§ **ACTIVITY**: Only a number is expected: how many lines in these records mention the word "orthogonal"?

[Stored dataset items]
BEGIN

(* Let $H$ be an abelian group with an alternating $\mathbb{Z}$-bilinear form $\langle-,-\rangle$, and let $z\in H\setminus\ker\mu$. Then $H_2(\mathbb{Q}[H])_{(z)}=0$.
   Context: $\mu:H\to\mathrm{Hom}_{\mathbb{Z}}(H,\mathbb{Z})$, $\mu(x)(y)=\langle x,y\rangle$. $\mathbb{Q}[H]$ is the $\mathbb{Q}$-vector space with basis symbols $[x]$, $x\in H$, with Lie bracket $[[x],[y]]=\langle x,y\rangle[x+y]$. Chevalley–Eilenberg complex $C_p(\mathbb{Q}[H])=\bigwedge^p_{\mathbb{Q}}\mathbb{Q}[H]$, $\partial(x_1\wedge\cdots\wedge x_p)=\sum_{i<j}(-1)^{i+j}[x_i,x_j]\wedge x_1\wedge\cdots\widehat{x_i}\cdots\widehat{x_j}\cdots\wedge x_p$. For $p>0$, $C_p(\mathbb{Q}[H])_{(z)}$ is the span of $[u_1]\wedge\cdots\wedge[u_p]$ with $u_1+\cdots+u_p=z$; it is a subcomplex, and $H_p(\mathbb{Q}[H])_{(z)}$ denotes its homology. *)

From HB Require Import structures.
From mathcomp Require Import all_boot all_order all_algebra all_fingroup.
Set Implicit Arguments. Unset Strict Implicit. Unset Printing Implicit Defensive.
Import Order.TTheory GRing.Theory Num.Theory.
Local Open Scope ring_scope.

Definition alt_bilinear (H : zmodType) (B : H -> H -> int) : Prop :=
  [/\ forall x y y', B x (y + y') = B x y + B x y',
      forall x x' y, B (x + x') y = B x y + B x' y
    & forall x, B x x = 0].

Definition not_in_ker_mu (H : zmodType) (B : H -> H -> int) (z : H) : Prop :=
  exists y, B z y != 0.

(* A p-chain of the Chevalley--Eilenberg complex of Q[H] is written as a
   formal finite Q-linear combination of wedges [u_1] /\ ... /\ [u_p],
   a term (q, [:: u_1; ...; u_p]) standing for q [u_1] /\ ... /\ [u_p]. *)
Notation chain H := (seq (rat * seq H)).

(* Antisymmetrization: coefficient of the basis tensor t in
   Alt([s_1] (x) ... (x) [s_p]) = sum_sigma sgn(sigma) [s_sigma(1)] (x) ... *)
Definition alt (H : zmodType) (s t : seq H) : rat :=
  \sum_(sg : 'S_(size s))
     (-1) ^+ odd_perm sg * ([seq nth 0 s (sg i) | i <- enum 'I_(size s)] == t)%:R.

(* The image of a formal chain in the tensor algebra under the (injective,
   char 0) embedding of the exterior algebra as alternating tensors. *)
Definition ev (H : zmodType) (c : chain H) (t : seq H) : rat :=
  \sum_(a <- c) a.1 * alt a.2 t.

Definition ext_eq (H : zmodType) (c d : chain H) : Prop :=
  forall t : seq H, ev c t = ev d t.

(* Chevalley--Eilenberg boundary on wedges (0-based indices; the sign
   (-1)^(i+j) is unchanged w.r.t. 1-based indexing):
   d(x_1 /\ ... /\ x_p) = sum_(i<j) (-1)^(i+j) <x_i,x_j> [x_i+x_j] /\ x_1 ..^i..^j.. x_p *)
Definition ce_bd (H : zmodType) (B : H -> H -> int) (c : chain H) : chain H :=
  flatten [seq
    [seq (a.1 * (-1) ^+ (ij.1 + ij.2)%N * (B (nth 0 a.2 ij.1) (nth 0 a.2 ij.2))%:~R,
          (nth 0 a.2 ij.1 + nth 0 a.2 ij.2)
            :: [seq nth 0 a.2 k | k <- iota 0 (size a.2) & (k != ij.1) && (k != ij.2)])
    | ij <- [seq (i, j) | i <- iota 0 (size a.2), j <- iota 0 (size a.2)]
    & (ij.1 < ij.2)%N]
  | a <- c].

(* c lies in C_p(Q[H])_(z): a combination of wedges [u_1] /\ ... /\ [u_p]
   with u_1 + ... + u_p = z. *)
Definition homog (H : zmodType) (p : nat) (z : H) (c : chain H) : Prop :=
  forall a, a \in c -> size a.2 = p /\ \sum_(h <- a.2) h = z.

(* H_p(Q[H])_(z) = 0 (p > 0): every cycle of C_p(z) is a boundary of an
   element of C_(p+1)(z). *)
Definition CE_homology_vanishes (H : zmodType) (B : H -> H -> int)
    (p : nat) (z : H) : Prop :=
  forall c : chain H, homog p z c -> ext_eq (ce_bd B c) [::] ->
    exists b : chain H, homog p.+1 z b /\ ext_eq (ce_bd B b) c.

From HB Require Import structures.
From mathcomp Require Import all_boot all_order all_algebra all_fingroup.
From mathcomp Require Import ring zify.
Set Implicit Arguments. Unset Strict Implicit. Unset Printing Implicit Defensive.
Import Order.TTheory GRing.Theory Num.Theory.
Local Open Scope ring_scope.

(* A 2-chain of degree z is a combination of the wedges e_a = [a] /\ [z - a],
   and d e_a = -<a,z> [z].  Fixing y with m = <y,z> <> 0, the 2-cycles are
   spanned by f_a = e_a - (<a,z>/m) e_y, so it suffices that every f_a is a
   boundary.  The boundary of [u] /\ [v] /\ [z - u - v] is a linear relation
   between f_u, f_v and f_(u+v); it yields f_a for a orthogonal to y, then
   (shifting by multiples of z) for <a,z> <> 0, and finally for a in z^perp,
   using f_(z-a) = -f_a when needed. *)

Lemma perm_ord2_cases (s : 'S_2) : s = 1%g \/ s = tperm ord0 ord_max.
Proof.
have ord2 (i : 'I_2) : i = ord0 \/ i = ord_max.
  by case: i => [[|[|//]]] ?; [left|right]; apply/val_inj.
have [s0|s0] := ord2 (s ord0); [left|right]; apply/permP => i;
  rewrite ?perm1; case: (ord2 i) => ->; rewrite ?tpermL ?tpermR //;
  by case: (ord2 (s ord_max)) => // s1; move/perm_inj: (etrans s1 (esym s0)).
Qed.

Section Chains.
Variable H : zmodType.
Implicit Types (c d : chain H) (u v w : H).

Lemma alt_singleton u t : alt [:: u] t = (t == [:: u])%:R.
Proof.
rewrite /alt /= (bigD1 1%g) //= big1 ?addr0; last first.
  move=> s /eqP; case; apply/permP => i; rewrite perm1; apply/val_inj.
  by case: (s i) => [[|//] ?]; case: i => [[|//] ?].
by rewrite odd_perm1 expr0 mul1r enum_ordSl enum_ord0 /= perm1 eq_sym.
Qed.

Lemma alt_pair u v t :
  alt [:: u; v] t = (t == [:: u; v])%:R - (t == [:: v; u])%:R.
Proof.
rewrite /alt /= (bigD1 1%g) //= (bigD1 (tperm ord0 ord_max)) //=; last first.
  by apply/eqP => /permP /(_ ord0); rewrite tpermL perm1.
rewrite big1 ?addr0; last first.
  by move=> s /andP[/eqP s1 /eqP s2]; case: (perm_ord2_cases s).
rewrite odd_perm1 odd_tperm /= expr0 expr1 mul1r mulN1r.
rewrite enum_ordSl enum_ordSl enum_ord0 /=.
have -> : lift ord0 ord0 = ord_max :> 'I_2 by apply/val_inj.
by rewrite !perm1 tpermL tpermR /= !(eq_sym t).
Qed.

Lemma alt_pairC u v t : alt [:: u; v] t = - alt [:: v; u] t.
Proof. by rewrite !alt_pair opprB. Qed.

Definition scale_chain (k : rat) c : chain H := [seq (k * a.1, a.2) | a <- c].

Lemma ev_cat c d t : ev (c ++ d) t = ev c t + ev d t.
Proof. exact: big_cat. Qed.

Lemma ev_scale k c t : ev (scale_chain k c) t = k * ev c t.
Proof. by rewrite /ev big_map mulr_sumr; apply: eq_bigr => a _; rewrite mulrA. Qed.

Variable B : H -> H -> int.

Lemma ce_bd_cat c d : ce_bd B (c ++ d) = ce_bd B c ++ ce_bd B d.
Proof. by rewrite /ce_bd map_cat flatten_cat. Qed.

Lemma ce_bd_scale k c : ce_bd B (scale_chain k c) = scale_chain k (ce_bd B c).
Proof.
rewrite /ce_bd /scale_chain map_flatten -!map_comp; congr flatten.
by apply: eq_map => a /=; rewrite -map_comp; apply: eq_map => ij /=; rewrite !mulrA.
Qed.

Lemma ce_bd_pair q u v :
  ce_bd B [:: (q, [:: u; v])] = [:: (q * (-1) * (B u v)%:~R, [:: u + v])].
Proof. by []. Qed.

Lemma ce_bd_triple q u v w :
  ce_bd B [:: (q, [:: u; v; w])] =
  [:: (q * (-1) * (B u v)%:~R, [:: u + v; w]);
      (q * (-1) ^+ 2 * (B u w)%:~R, [:: u + w; v]);
      (q * (-1) ^+ 3 * (B v w)%:~R, [:: v + w; u])].
Proof. by []. Qed.

Lemma homog_cons p z a c :
  homog p z (a :: c) -> [/\ size a.2 = p, \sum_(h <- a.2) h = z & homog p z c].
Proof.
move=> hc; have [sz sum] := hc a (mem_head _ _).
by split=> // b bc; apply: hc; rewrite inE bc orbT.
Qed.

Lemma homog_scale p z k c : homog p z c -> homog p z (scale_chain k c).
Proof. by move=> hc a /mapP[a' /hc ? ->]. Qed.

Lemma homog_cat p z c d : homog p z c -> homog p z d -> homog p z (c ++ d).
Proof. by move=> hc hd a; rewrite mem_cat => /orP[/hc|/hd]. Qed.

Lemma homog2_shape z (s : seq H) : size s = 2%N -> \sum_(h <- s) h = z ->
  s = [:: nth 0 s 0; z - nth 0 s 0].
Proof.
case: s => [|u [|v [|]]] //= _; rewrite !big_cons big_nil addr0 => <-.
by rewrite addrAC subrr add0r.
Qed.

End Chains.

Section AlternatingForm.
Variables (H : zmodType) (B : H -> H -> int).
Hypothesis hB : alt_bilinear B.

Lemma formDr x y y' : B x (y + y') = B x y + B x y'.
Proof. by case: hB. Qed.

Lemma formDl x x' y : B (x + x') y = B x y + B x' y.
Proof. by case: hB. Qed.

Lemma form_diag x : B x x = 0.
Proof. by case: hB. Qed.

Lemma formNr x y : B x (- y) = - B x y.
Proof.
have := formDr x y (- y); have := formDr x 0 0.
by rewrite subrr addr0; lia.
Qed.

Lemma formNl x y : B (- x) y = - B x y.
Proof.
have := formDl x (- x) y; have := formDl 0 0 y.
by rewrite subrr addr0; lia.
Qed.

Lemma formBr x y y' : B x (y - y') = B x y - B x y'.
Proof. by rewrite formDr formNr. Qed.

Lemma formBl x x' y : B (x - x') y = B x y - B x' y.
Proof. by rewrite formDl formNl. Qed.

Lemma formC x y : B y x = - B x y.
Proof. have := form_diag (x + y); rewrite !formDl !formDr !form_diag; lia. Qed.

Lemma formMnl x y n : B (x *+ n) y = B x y *+ n.
Proof.
elim: n => [|n IH]; last by rewrite !mulrS formDl IH.
by rewrite !mulr0n -(subrr x) formBl subrr.
Qed.

Lemma formMzl x y k : B (x *~ k) y = B x y * k.
Proof.
case: k => n; first by rewrite -pmulrn formMnl -mulrzz pmulrn.
by rewrite NegzE !mulrNz formNl -pmulrn formMnl -mulrzz pmulrn.
Qed.

Variable z : H.

Definition br x y : rat := (B x y)%:~R.

Lemma brD x x' y : br (x + x') y = br x y + br x' y.
Proof. by rewrite /br formDl intrD. Qed.

Definition wedge (a : H) (t : seq H) : rat := alt [:: a; z - a] t.

Lemma wedge_subz a t : wedge (z - a) t = - wedge a t.
Proof. by rewrite /wedge subKr alt_pairC. Qed.

Definition boundary (F : seq H -> rat) : Prop :=
  exists b, homog 3 z b /\ forall t, ev (ce_bd B b) t = F t.

Lemma boundary0 : boundary (fun=> 0).
Proof. by exists [::]; split => // t; rewrite /ev big_nil. Qed.

Lemma boundary_ext F G : F =1 G -> boundary F -> boundary G.
Proof. by move=> eFG [b [hb eb]]; exists b; split => // t; rewrite eb eFG. Qed.

Lemma boundaryD F G : boundary F -> boundary G -> boundary (fun t => F t + G t).
Proof.
move=> [bF [hF eF]] [bG [hG eG]]; exists (bF ++ bG).
by split; [exact: homog_cat | move=> t; rewrite ce_bd_cat ev_cat eF eG].
Qed.

Lemma boundaryZ k F : boundary F -> boundary (fun t => k * F t).
Proof.
move=> [b [hb eb]]; exists (scale_chain k b).
by split; [exact: homog_scale | move=> t; rewrite ce_bd_scale ev_scale eb].
Qed.

Lemma boundary_triple u v :
  boundary (fun t => (br v z + br u v) * wedge u t
                     + (br u v - br u z) * wedge v t - br u v * wedge (u + v) t).
Proof.
exists [:: (1, [:: u; v; z - u - v])]; split.
  move=> a; rewrite inE => /eqP -> /=; split => //.
  by rewrite !big_cons big_nil addr0 -(addrA z) -opprD addrA subrKC.
move=> t; rewrite ce_bd_triple /ev !big_cons big_nil addr0 /=.
have -> : z - u - v = z - (u + v) by rewrite opprD addrA.
have -> : u + (z - (u + v)) = z - v by rewrite opprD addrCA (addrA u) subrr add0r.
have -> : v + (z - (u + v)) = z - u by rewrite opprD addrCA (addrCA v) subrr addr0.
rewrite (alt_pairC (z - v)) (alt_pairC (z - u)) -!/(wedge _ _).
rewrite /br !formBr !formDr !form_diag (formC u v) !intrD !intrN; ring.
Qed.

Variable y : H.
Hypothesis yz_neq0 : B y z != 0.

Let m := br y z.

Lemma m_neq0 : m != 0.
Proof. by rewrite /m /br intr_eq0. Qed.

Definition cyc (a : H) (t : seq H) : rat := wedge a t - br a z / m * wedge y t.

Lemma cyc_subz a t : cyc (z - a) t = - cyc a t.
Proof. rewrite /cyc wedge_subz /br formBl form_diag sub0r intrN; ring. Qed.

Lemma boundary_cyc_triple u v :
  boundary (fun t => (br v z + br u v) * cyc u t
                     + (br u v - br u z) * cyc v t - br u v * cyc (u + v) t).
Proof.
by apply: boundary_ext (boundary_triple u v) => t; rewrite /cyc brD; field; exact: m_neq0.
Qed.

Lemma boundary_cyc_solve u v :
  boundary (fun t => (br u v - br u z) * cyc v t) ->
  boundary (fun t => br u v * cyc (u + v) t) ->
  br v z + br u v != 0 -> boundary (cyc u).
Proof.
move=> hv huv hc.
have := boundaryZ (br v z + br u v)^-1 (boundaryD (boundaryD
  (boundary_cyc_triple u v) (boundaryZ (-1) hv)) huv).
by apply: boundary_ext => t; field.
Qed.

Lemma boundary_cyc_orth a : B a y = 0 -> boundary (cyc a).
Proof.
move=> ay0; apply: (@boundary_cyc_solve _ y); rewrite /br ?ay0 ?addr0.
- apply: boundary_ext boundary0 => t.
  by rewrite /cyc -/(br y z) -/m divff ?m_neq0 // mul1r subrr mulr0.
- by apply: boundary_ext boundary0 => t; rewrite mul0r.
- exact: m_neq0.
Qed.

Lemma boundary_cyc_shift x n :
  B x z != 0 -> boundary (cyc (x + z *+ n)) -> boundary (cyc x).
Proof.
move=> xz0; elim: n => [|n IH]; first by rewrite addr0.
move=> hn; apply: IH; apply: (@boundary_cyc_solve _ z).
- by apply: boundary_ext boundary0 => t; rewrite subrr mul0r.
- by rewrite -addrA -mulrSr; apply: boundaryZ.
- by rewrite /br form_diag add0r formDl formMnl form_diag mul0rn addr0 intr_eq0.
Qed.

(* x = k a has <a,x> = 0, and x + n z is orthogonal to y for n = <a,y>^2 when
   k = <y,z><a,y>; squaring keeps the shift n a natural number. *)
Lemma boundary_cyc_nz a : B a z != 0 -> boundary (cyc a).
Proof.
move=> az0; have [ay0|ay0] := eqVneq (B a y) 0; first exact: boundary_cyc_orth.
pose x := a *~ (B y z * B a y).
have xz0 : B x z != 0 by rewrite formMzl !mulf_neq0.
have ax0 : B a x = 0 by rewrite formC formMzl form_diag mul0r oppr0.
have : boundary (cyc (x + z *+ (`|B a y| * `|B a y|)%N)).
  apply: boundary_cyc_orth; rewrite formDl formMnl formMzl (formC y z) pmulrn mulrzz.
  by move: (B a y) (B y z) => ay yz; nia.
move=> /(boundary_cyc_shift xz0) hx; apply: (@boundary_cyc_solve _ x).
- exact: boundaryZ.
- by rewrite /br ax0; apply: boundary_ext boundary0 => t; rewrite mul0r.
- by rewrite /br ax0 addr0 intr_eq0.
Qed.

Lemma boundary_cyc_ker a : B a z = 0 -> B y (z - a) != 0 -> boundary (cyc a).
Proof.
move=> az0 yza0; apply: (@boundary_cyc_solve _ y).
- by apply: boundaryZ; apply: boundary_cyc_nz.
- by apply: boundaryZ; apply: boundary_cyc_nz; rewrite formDl az0 add0r.
- by rewrite /br -intrD intr_eq0 (formC y a) -formBr.
Qed.

Lemma boundary_cyc a : boundary (cyc a).
Proof.
have [az0|] := eqVneq (B a z) 0; last exact: boundary_cyc_nz.
have [yza0|] := eqVneq (B y (z - a)) 0; last exact: boundary_cyc_ker.
have za_z0 : B (z - a) z = 0 by rewrite formBl form_diag az0 subrr.
have : B y (z - (z - a)) != 0 by rewrite formBr yza0 subr0.
move=> /(boundary_cyc_ker za_z0) /(boundaryZ (-1)); apply: boundary_ext => t.
by rewrite cyc_subz mulN1r opprK.
Qed.

Definition bd_coeff (c : chain H) : rat := \sum_(a <- c) a.1 * br (nth 0 a.2 0) z.

Lemma ev_ce_bd_z c : homog 2 z c -> ev (ce_bd B c) [:: z] = - bd_coeff c.
Proof.
elim: c => [|[q s] c IH]; first by rewrite /ev /bd_coeff !big_nil oppr0.
case/homog_cons => /= sz sum hc; rewrite (homog2_shape sz sum).
rewrite -cat1s ce_bd_cat ev_cat IH // ce_bd_pair /ev /bd_coeff !big_cons !big_nil /=.
by rewrite subrKC alt_singleton eqxx /br formBr form_diag subr0 -/(bd_coeff c) subr0 mulr1; ring.
Qed.

Lemma boundary_chain2 c : homog 2 z c ->
  boundary (fun t => ev c t - bd_coeff c / m * wedge y t).
Proof.
elim: c => [|[q s] c IH].
  by move=> _; apply: boundary_ext boundary0 => t; rewrite /ev /bd_coeff !big_nil !mul0r subr0.
case/homog_cons => /= sz sum /IH hc.
apply: boundary_ext (boundaryD (boundaryZ q (boundary_cyc (nth 0 s 0))) hc) => t.
rewrite /ev /bd_coeff !big_cons -/(ev c t) -/(bd_coeff c) /= [in alt s _](homog2_shape sz sum).
by rewrite -/(wedge _ _) /cyc; field; exact: m_neq0.
Qed.

End AlternatingForm.

Theorem proposition4p1 (H : zmodType) (B : H -> H -> int) (z : H) :
  alt_bilinear B -> not_in_ker_mu B z -> CE_homology_vanishes B 2 z.
Proof.
move=> hB [y zy0] c hc cycle_c.
have yz0 : B y z != 0 by rewrite (formC hB) oppr_eq0.
have [b [hb eb]] := boundary_chain2 hB yz0 hc.
have coeff0 : bd_coeff B z c = 0.
  by apply/eqP; rewrite -oppr_eq0 -(ev_ce_bd_z hB hc) cycle_c /ev big_nil.
by exists b; split => // t; rewrite eb coeff0 !mul0r subr0.
Qed.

END

§ **ANSWER BOX**: 2